Elasticsearch is an open source analytics and full text search engine built on apache lucene. It helps perform powerful text search queries using distributed inverted index and can also query structured data for analytics platforms. It is written and developed in Java. Elasticsearch uses a REST API to query documents.

Why Elasticsearch?

  • Using elasticsearch we can query all data types, even unstructured, geographical locations and metrics data.
  • Elasticsearch can search billions of records in just a few seconds, thanks to its distributed architecture, making it highly scalable for huge indexes and being able to perform multiple searches simultaneously.
  • Multilingual support using ICU plugin based on the lucene implementation of text segmentation standard.
  • Its powerful full text search helps in building search functionalities such as auto completion, correcting typos, highlighting matches, finding relevant records, finding synonyms and many more.
  • Elasticsearch search can not really be a business intelligence solution but you can indeed get a lot of valuable information out of the data that you store within the elasticsearch that is useful for analytics platforms when analysing lots of data.

How elasticsearch works?

To understand the architecture of elasticsearch we need to know about Nodes and Clusters which are the data units of elasticsearch.

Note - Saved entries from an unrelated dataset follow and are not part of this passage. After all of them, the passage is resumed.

Lemma polyhedral_exR (V : lmodType R) (P : V * R^o -> Prop) :
  polyhedral P -> polyhedral (fun x => exists t : R, P (x, t)).
Proof.
move=> [I [f [f_scalar Pf]]].
pose g i x := f i (x, 0 : R^o); pose a i := f i (0, 1 : R^o).
have fE i x (t : R) : f i (x, t) = g i x + a i * t.
  have -> : (x, t) = t *: (0, 1 : R^o) + (x, 0 : R^o).
    by congr pair; rewrite /= ?scaler0 ?add0r /GRing.scale /= ?mulr1 ?addr0.
  by rewrite f_scalar addrC mulrC.
have g_scalar i : scalar (g i).
  move=> c x y; rewrite /g -f_scalar; congr (f i _).
  by congr pair; rewrite /= scaler0 addr0.
(* One inequality per i with a i = 0, and one per pair of a lower and an upper bound on t. *)
exists ({i | a i == 0} + {i | 0 < a i} * {j | a j < 0})%type.
exists (fun k x => match k with
  | inl i => g (val i) x
  | inr (i, j) => g (val i) x * - a (val j) + g (val j) x * a (val i) end).
split=> [[i|[i j]] c x y|x]; rewrite ?g_scalar //; first ring.
have -> : (exists t, P (x, t)) <-> exists t, forall i, 0 <= g i x + a i * t.
  split=> [[t /Pf Pxt]|[t gat]]; exists t; first by move=> i; rewrite -fE.
  by apply/Pf => i; rewrite fE.
rewrite fourier_motzkin.
split=> [[g_ge0 gg_ge0] [[i ai0]|[[i ai_gt0] [j aj_lt0]]] /=|gg_ge0].
- by apply: g_ge0; apply/eqP.
- exact: gg_ge0.
split=> [i ai0|i j ai_gt0 aj_lt0].
  by apply: (gg_ge0 (inl (exist _ i (introT eqP ai0)))).
by apply: (gg_ge0 (inr (exist _ i ai_gt0, exist _ j aj_lt0))).
Qed.

Lemma polyhedral_excV n : forall (V : lmodType R) (P : V * 'cV[R]_n -> Prop),
  polyhedral P -> polyhedral (fun x => exists y, P (x, y)).
Proof.
elim: n => [|n IHn] V P Ppoly.
  have zero_linear : linear (fun x : V => (x, 0 : 'cV[R]_0)).
    by move=> a x y; congr pair; rewrite /= scaler0 addr0.
  apply: polyhedral_ext (polyhedral_comp zero_linear Ppoly) _ => x.
  by split=> [|[y]]; [exists 0 | rewrite (flatmx0 y)].
pose phi (w : (V * 'cV[R]_n) * R^o) := (w.1.1, col_mx (w.2 : R)%:M w.1.2).
have phi_linear : linear phi.
  move=> a [[x y] t] [[x' y'] t']; congr pair.
  by rewrite /= scale_col_mx add_col_mx scale_scalar_mx raddfD.
apply: polyhedral_ext (IHn _ _ (polyhedral_exR (polyhedral_comp phi_linear Ppoly))) _ => x.
split=> [[y [t Pxyt]]|[y Pxy]]; first by exists (col_mx (t : R)%:M y).
exists (dsubmx (y : 'cV_(1 + n))), (usubmx (y : 'cV_(1 + n)) 0 0).
by rewrite /phi /= -mx11_scalar vsubmxK.
Qed.

Lemma polyhedral_convex (V : lmodType R) (P : V -> Prop) (x y : V) (l : R) :
  polyhedral P -> 0 <= l <= 1 -> P x -> P y -> P (l *: x + (1 - l) *: y).
Proof.
move=> [I [f [f_scalar Pf]]] /andP[l_ge0 l_le1] /Pf Px /Pf Py; apply/Pf => i.
rewrite f_scalar (scalable_linear (f_scalar i)).
by rewrite addr_ge0 ?mulr_ge0 ?subr_ge0.
Qed.

End Polyhedral.

Section ValidityRegionShape.
Variables (R : realFieldType) (K J : nat).
Local Notation X := (('cV[R]_K * 'cV[R]_J) * R^o)%type.

Lemma convex3_of_polyhedral (S : 'cV[R]_K -> 'cV[R]_J -> R -> Prop) :
  polyhedral (fun z : X => S z.1.1 z.1.2 z.2) -> convex3 S.
Proof.
move=> Spoly b1 g1 T1 b2 g2 T2 l l01 S1 S2.
exact: (@polyhedral_convex _ _ _ (((b1, g1), T1) : X) (((b2, g2), T2) : X) l Spoly l01 S1 S2).
Qed.

Lemma scalar_cV3E (f : X -> R) b g T : scalar f ->
  f ((b, g), T) = \sum_i f ((delta_mx i 0, 0), 0) * b i 0
                + \sum_j f ((0, delta_mx j 0), 0) * g j 0 + T * f ((0, 0), 1).
Proof.
move=> f_scalar.
have inK_linear : linear (fun b : 'cV[R]_K => ((b, 0), 0) : X).
  by move=> a x y; congr (pair (pair _ _) _); rewrite /= ?scaler0 ?mulr0 addr0.
have inJ_linear : linear (fun g : 'cV[R]_J => ((0, g), 0) : X).
  by move=> a x y; congr (pair (pair _ _) _); rewrite /= ?scaler0 ?mulr0 addr0.
rewrite -(scalar_cV b (scalar_comp inK_linear f_scalar)).
rewrite -(scalar_cV g (scalar_comp inJ_linear f_scalar)).
have -> : ((b, g), T) = ((b, 0), 0) + ((0, g), 0) + T *: ((0, 0), 1) :> X.
  congr (pair (pair _ _) _); rewrite /= ?scaler0 ?addr0 ?add0r //.
  exact: (esym (mulr1 T)).
by rewrite !(scalarD f_scalar) (scalable_linear f_scalar).
Qed.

A Cluster is a collection of nodes where each node is a single server that stores part of the data that is added to the cluster as a whole. Each of these nodes work in symphony with other nodes in the cluster and forward the request from one node to another using Transport Layer. The nodes and the clusters are uniquely identified using names for each node and the cluster.

Cluster and its Nodes

In elasticsearch data is stored as documents which is just a unit of information. A document in elasticsearch corresponds to a row in a relational database. A document then contains fields, which corresponds to columns in a relational database, a document is essentially a json object. An example document:

{

 “First_name” : “Able”,

 “Last_name” : “Tesfaye”,

 “Albums” : [“After Hours”, “Starboy”,”Beauty Behind the Madness” ,“House of Balloons”]

}

An Index with its Documents

Again the collection of logically related documents is called an index. Just like nodes in a Cluster these documents are organized in indices. An index in elasticsearch corresponds to a table in a relational database. Just like nodes and clusters the documents and indices are uniquely identified using unique names for each document and index.

As noted earlier elasticsearch is very scalable, thanks to its distributed architecture. Lets see how sharding helps in handling large indices making elasticsearch scalable. Let’s say we have an index that is of the size 1TB and two nodes each of size 512GB. The index cannot be stored in a single node and needs to be distributed among the two. So when an index is large enough to exceed the hardware limits of a node we break the data in the index into pieces called shards, hence the process sharding.

An Index is sharded into 4 shards

The shards are distributed between the nodes and even if we want to add more data to the cluster we can simply do so by adjusting the distribution of shards between the nodes, hence sharding makes elasticsearch highly scalable. Another advantage of distributed architecture is that we can parallelly search both the nodes at the same time increasing the performance of the search.

End Note:

 Elasticsearch is being used by large companies, some of which are quora, adobe, facebook, firefox. Netflix, soundcloud, stackexchange, etc. There are many other users of elasticsearch and there is a vibrant community. However as a developer one can just use elasticsearch by knowing how to query a search and does not need to know all this, this can help shed some light on the working of elastic search.